Yes. scp 20200318_1554_time.png XSEDE:/cvmfs/data/. where XSEDE points to the js node in .ssh/config
I just copied with scp
and my file has correct permissions:
-rw-r--r--. 1 root root 87 Apr 7 02:29 README.md
Here's what's in .ssh/config Host XSEDE HostName js-156-119.jetstream-cloud.org User root Port 30022 IdentityFile ~/jupyterhub-deploy-kubernetes-jetstream-secrets/ssh/cdms_nfs_ssh_key
what is the umask of the source file?
It's 2770 permission.. Maybe that's the difference? It needs to be un-readable on the SLAC cluster as internal data...
then ssh into the CVMFS pod after you have copied the files and recursively fix the permissions.
once you have done that, please add this note to the documentation at:
https://github.com/pibion/jupyterhub-deploy-kubernetes-jetstream-secrets#copying-data
so other users can easily get around this issue.
Will do.
@zonca Any chance we can have rsync? That's helpful if we want to incrementally syncing data, plus it has a flag to set the permissions. Thanks!
@ziqinghong yes, installed rsync, added example usage at https://github.com/pibion/jupyterhub-deploy-kubernetes-jetstream-secrets/blob/master/README.md feel free to augment it.
Awesome! Now it's much easier to setup a crontab for automated data transfer. (We won't do that yet, but soon...)
you are root on that pod, so feel free to install anything else you need,
just also add it to the Dockerfile
(make a pull request) at https://github.com/zonca/docker-cvmfs-client/blob/master/cvmfs-client-nfs/Dockerfile so that it is automatically included when we redeploy.
Hmmm.... I somehow forgot I was root there.......... Stockholm syndrome for not having root on servers I don't manage...
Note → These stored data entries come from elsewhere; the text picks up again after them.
(* With [P = z zb] and [X = z + zb], these are [a = 1 - t - s] and [t s = 1]
   after substituting the values of [s] and [t] given by Vieta's formulas for
   the roots [z, 1/zb] and [zb, 1/z] below. *)
Definition vieta_eq1 (R : pzRingType) (P X a : R) :=
  (P * a - (P + 1) * X) * (3 * P - X^+2) - P^+2.
Definition vieta_eq2 (R : pzRingType) (P X a : R) :=
  P * a^+2 - a * (P + 1) * X + (P + 1)^+2 - P.

Lemma cubic_conj_roots_vieta (F : fieldType) (a s t z zb : F) :
  s * t = 1 -> a = 1 - t - s -> z * zb != 1 -> z != 0 -> zb != 0 ->
  cubic a s z = 0 -> cubic a t zb = 0 ->
  vieta_eq1 (z * zb) (z + zb) a = 0 /\ vieta_eq2 (z * zb) (z + zb) a = 0.
Proof.
move=> st1 aE zzb_neq1 z_neq0 zb_neq0 z_root zb_root.
have z_neq_zbV : z != zb^-1 by apply: contra zzb_neq1 => /eqP->; rewrite mulVf.
have zb_neq_zV : zb != z^-1 by apply: contra zzb_neq1 => /eqP->; rewrite mulfV.
have ts1 : t * s = 1 by rewrite mulrC.
have := cubic_root_pair z_neq_zbV z_root (cubic_reciprocal_root st1 zb_neq0 zb_root).
have := cubic_root_pair zb_neq_zV zb_root (cubic_reciprocal_root ts1 z_neq0 z_root).
move=> /eqP; rewrite addrC addr_eq0 => /eqP tE /eqP; rewrite addrC addr_eq0 => /eqP sE.
split.
- have -> : vieta_eq1 (z * zb) (z + zb) a = (z * zb)^+2 * (a - (1 - t - s)).
    by rewrite /vieta_eq1 tE sE; field; rewrite z_neq0 zb_neq0.
  by rewrite -aE subrr mulr0.
- have -> : vieta_eq2 (z * zb) (z + zb) a = z * zb * (t * s - 1).
    by rewrite /vieta_eq2 tE sE; field; rewrite z_neq0 zb_neq0.
  by rewrite ts1 subrr mulr0.
Qed.

Definition vieta_resultant (R : pzRingType) (P X : R) :=
  P^+3 + P * (P + 1) * X * (3 * P - X^+2) + (P^+2 + P + 1) * (3 * P - X^+2)^+2.

Lemma vieta_resultant_eq0 (R : idomainType) (P X a : R) : P != 0 ->
  vieta_eq1 P X a = 0 -> vieta_eq2 P X a = 0 -> vieta_resultant P X = 0.
Proof.
move=> P_neq0 eq1 eq2; apply: (mulfI P_neq0); rewrite mulr0.
have -> : P * vieta_resultant P X = (3 * P - X^+2)^+2 * P * vieta_eq2 P X a
    - vieta_eq1 P X a * (vieta_eq1 P X a + 2 * P^+2 + (P + 1) * X * (3 * P - X^+2)).
  by rewrite /vieta_resultant /vieta_eq1 /vieta_eq2; ring.
by rewrite eq1 eq2 mulr0 mul0r subrr.
Qed.

(* For [z = r e^(i theta)] this is evaluated at [c = cos theta], [rho = r + 1/r]. *)
Definition cheb_form (R : pzRingType) (c rho : R) :=
  (3 - 4 * c^+2)^+2 * (rho^+2 - 1) + 2 * c * (3 - 4 * c^+2) * rho + 1.

Lemma vieta_resultant_cheb (F : numFieldType) (r X : F) : r != 0 ->
  vieta_resultant (r^+2) X = r^+6 * cheb_form (X / (2 * r)) (r + r^-1).
Proof. by move=> r_neq0; rewrite /vieta_resultant /cheb_form; field. Qed.

Lemma cheb_form_pos_at (R : realFieldType) (c : R) :
  c^+2 <= 1 -> 0 < cheb_form c (68/25).
Proof.
move=> c2_le1; rewrite /cheb_form.
set e := 3 - 4 * c^+2.
have e_ge : -1 <= e by rewrite /e; nra.
have e_le : e <= 3 by rewrite /e; nra.
set A := (4624/625 - 1) * e^+2 + 1.
have A_gt0 : 0 < A by rewrite /A; nra.
have -> : e^+2 * ((68/25)^+2 - 1) + 2 * c * e * (68/25) + 1 = A + 2 * c * e * (68/25).
  by rewrite /A; field.
(* Squaring [|2 c e rho0| < A] and using [4 c^2 = 3 - e] leaves a quartic
   inequality in [e], certified by the two squares below. *)
have lt_A2 : 4624/625 * e^+2 * (3 - e) < A^+2.
  have := sqr_ge0 ((4624/625 - 1) * e^+2 + (2312/3999) * e - 17/20).
  have := sqr_ge0 (e + 43/100).
  rewrite /A; nra.
have c2E : 4 * c^+2 = 3 - e by rewrite /e; ring.
have : (2 * c * e * (68/25))^+2 < A^+2.
  have -> : (2 * c * e * (68/25))^+2 = 4624/625 * e^+2 * (4 * c^+2) by field.
  by rewrite c2E.
nra.
Qed.

Lemma cheb_form_pos (R : realFieldType) (c rho : R) :
  c^+2 <= 1 -> 68/25 <= rho -> 0 < cheb_form c rho.
Proof.
move=> c2_le1 rho_ge.
move: (cheb_form_pos_at c2_le1); rewrite /cheb_form.
set e := 3 - 4 * c^+2 => base.
have c2E : c^+2 = (3 - e) / 4 by rewrite /e; field.
set rho0 := 68/25 : R in base rho_ge.
(* Either the quadratic in [rho] increases from [rho0] on, or [e^2 rho0 < - e c],
   which forces [e^2 + c^2 < 1]. *)
have [mono | anti] := lerP 0 (e * (e * rho0 + c)).
  have : 0 <= (rho - rho0) * (e * (e * rho0 + c)) by rewrite mulr_ge0 ?subr_ge0.
  have := sqr_ge0 (e * (rho - rho0)).
  nra.
have -> : e^+2 * (rho^+2 - 1) + 2 * c * e * rho + 1
    = (e * rho + c)^+2 + (1 - e^+2 - c^+2) by ring.
suff : 0 < 1 - e^+2 - c^+2 by have := sqr_ge0 (e * rho + c); lra.
have lt_ec : e^+2 * rho0 < - (e * c) by nra.
have e_neq0 : e != 0 by apply: contraTneq lt_ec => ->; rewrite /rho0; lra.
have e2_gt0 : 0 < e^+2 by rewrite exprn_even_gt0.
have lt_sq : e^+2 * (e^+2 * rho0^+2) < e^+2 * c^+2.
  have x_ge0 : 0 <= e^+2 * rho0 by rewrite /rho0; nra.
  have : 0 < (- (e * c) - e^+2 * rho0) * (- (e * c) + e^+2 * rho0).
    by rewrite mulr_gt0 // ?subr_gt0; lra.
  have -> : e^+2 * (e^+2 * rho0^+2) = (e^+2 * rho0)^+2 by ring.
  have -> : e^+2 * c^+2 = (- (e * c))^+2 by ring.
  nra.
rewrite ltr_pM2l // c2E /rho0 in lt_sq.
rewrite c2E; nra.
Qed.

Lemma vieta_no_large_root (R : realFieldType) (r X a : R) :
  229/100 < r -> X^+2 <= 4 * r^+2 ->
  vieta_eq1 (r^+2) X a = 0 -> vieta_eq2 (r^+2) X a = 0 -> False.
Proof.
move=> r_gt X2_le eq1 eq2.
have r_gt0 : 0 < r by apply: lt_trans r_gt; lra.
have r_neq0 : r != 0 by rewrite gt_eqF.
have := vieta_resultant_eq0 (expf_neq0 2 r_neq0) eq1 eq2.
rewrite vieta_resultant_cheb // => /eqP; apply/negP; rewrite gt_eqF //.
apply: mulr_gt0; first exact: exprn_gt0.
apply: cheb_form_pos.
- have r2_gt0 : 0 < r^+2 by exact: exprn_gt0.
  by rewrite expr_div_n exprMn ler_pdivrMr ?mul1r; nra.
- by rewrite -(ler_pM2r r_gt0) [(r + _) * _]mulrDl mulVf //; nra.
Qed.

Lemma lam_poly_root (F : numFieldType) (s d : F) :
  s^+2 = 3 -> d^+2 = 2 * s -> root (lam_poly F) ((1 + s + d) / 2).
Proof.
move=> s2E d2E; apply/rootP.
set r := (1 + s + d) / 2.
have -> : (lam_poly F).[r]
    = (d^+2 - 2 * s - (s^+2 - 3)) / 4 * (r^+2 + (s - 1) * r + 1) + (s^+2 - 3) * r^+2.
  by rewrite /lam_poly !(hornerD, hornerN, hornerZ, hornerXn, hornerX, hornerC) /r; field.
by rewrite d2E s2E !subrr !(mul0r, add0r, subr0).
Qed.

Lemma lam_poly_root_gt (C : numClosedFieldType) :
  exists2 r : C, 229/100 < r & root (lam_poly C) r.
Proof.
pose s := sqrtC (3 : C); pose d := sqrtC (2 * s).
have s_ge0 : 0 <= s by rewrite sqrtC_ge0 ler0n.
have d_ge0 : 0 <= d by rewrite sqrtC_ge0 mulr_ge0 ?ler0n.
have s2E : s^+2 = 3 by rewrite sqrtCK.
have d2E : d^+2 = 2 * s by rewrite sqrtCK.
exists ((1 + s + d) / 2); last exact: lam_poly_root.
pose sR := CReal (ger0_real s_ge0); pose dR := CReal (ger0_real d_ge0).
have sR2E : sR^+2 = 3 by apply: val_inj.
have dR2E : dR^+2 = 2 * sR by apply: val_inj.
have sR_ge0 : 0 <= sR := s_ge0.
have dR_ge0 : 0 <= dR := d_ge0.
suff : 229/100 < (1 + sR + dR) / 2 by [].
have : 173/100 < sR by nra.
nra.
Qed.

Lemma conjC_cubic (C : numClosedFieldType) (a s z : C) :
  a \is Num.real -> (cubic a s z)^* = cubic a s^* z^*.
Proof.
move=> /CrealP a_real.
by rewrite /cubic !(rmorphB, rmorphD, rmorphM, rmorphXn) /= a_real.
Qed.

Lemma unitary_cubic_root_norm_le (C : numClosedFieldType) (t z : C) :
  `|t| = 1 -> cubic (1 - t - t^-1) t^-1 z = 0 -> `|z| <= 229/100.
Proof.
move=> t_norm1 z_root.
have tV : t^-1 = t^* by rewrite invC_norm t_norm1 expr1n invr1 mul1r.
have tt1 : t^* * t = 1 by rewrite mulrC -normCK t_norm1 expr1n.
rewrite tV in z_root; set a := 1 - t - t^* in z_root.
have a_real : a \is Num.real.
  by apply/CrealP; rewrite /a !rmorphB /= conjC1 conjCK addrAC.
have zb_root : cubic a t z^* = 0.
  by rewrite -[t]conjCK -conjC_cubic // z_root conjC0.
have c_real : (229/100 : C) \is Num.real by rewrite gtr0_real // divr_gt0 ?ltr0n.
rewrite real_leNgt ?normr_real //; apply/negP => z_gt.
have z_gt1 : 1 < `|z| by apply: lt_trans z_gt; rewrite ltr_pdivlMr ?mul1r ?ltr_nat.
have zzbE : z * z^* = `|z|^+2 by rewrite normCK.
have zzb_neq1 : z * z^* != 1.
  by rewrite zzbE; apply: contraTneq z_gt1 => /eqP; rewrite sqrp_eq1 // => /eqP->; rewrite ltxx.
have z_neq0 : z != 0 by rewrite -normr_eq0 gt_eqF // (lt_trans ltr01).
have zb_neq0 : z^* != 0 by rewrite conjC_eq0.
have [eq1 eq2] :=
  cubic_conj_roots_vieta tt1 erefl zzb_neq1 z_neq0 zb_neq0 z_root zb_root.
rewrite zzbE in eq1 eq2.
have X_real : z + z^* \is Num.real by apply/CrealP; rewrite rmorphD /= conjCK addrC.
have X2_le : (z + z^*)^+2 <= 4 * `|z|^+2.
  rewrite -subr_ge0 (_ : _ - _ = `|z - z^*|^+2) ?exprn_ge0 //.
  by rewrite !normCK rmorphB /= conjCK; ring.
apply: (@vieta_no_large_root (creal C) (CReal (normr_real z)) (CReal X_real)
  (CReal a_real)) => //; exact: val_inj.
Qed.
it is just a pod, so whatever happens I'll just redeploy it!
This seems to be working fine. I'll close this issue. Please open another issue if anything about he data store stops working.
Conclusion of #8 is that object store is not suitable.
Other 2 options are:
1) One option could be to use Manila on Jetstream which provides a NFS service which is handled by Openstack so we don't have to manage it. This provides a standard read/write filesystem we can mount on all pods.
2) Or deploy our own NFS server, actually we can probably use the NFS server we use for CVMFS to also serve this 50GB volume read/write.
I have never used Manila before, so I would rather use our own NFS server, we can later do some benchmarks.
So the plan is to have 1 pod which mounts a large volume read-write, and expose the SSH port with certificate-only access to copy there the data with rsync. Down the road we could deploy a Globus endpoint. Then this pod has a NFS server which shares the data as read-only to the Jupyter Notebook pods.
I haven't decided yet if this should be a standalone pod or the same pod of CVMFS, I'll track progress in this issue.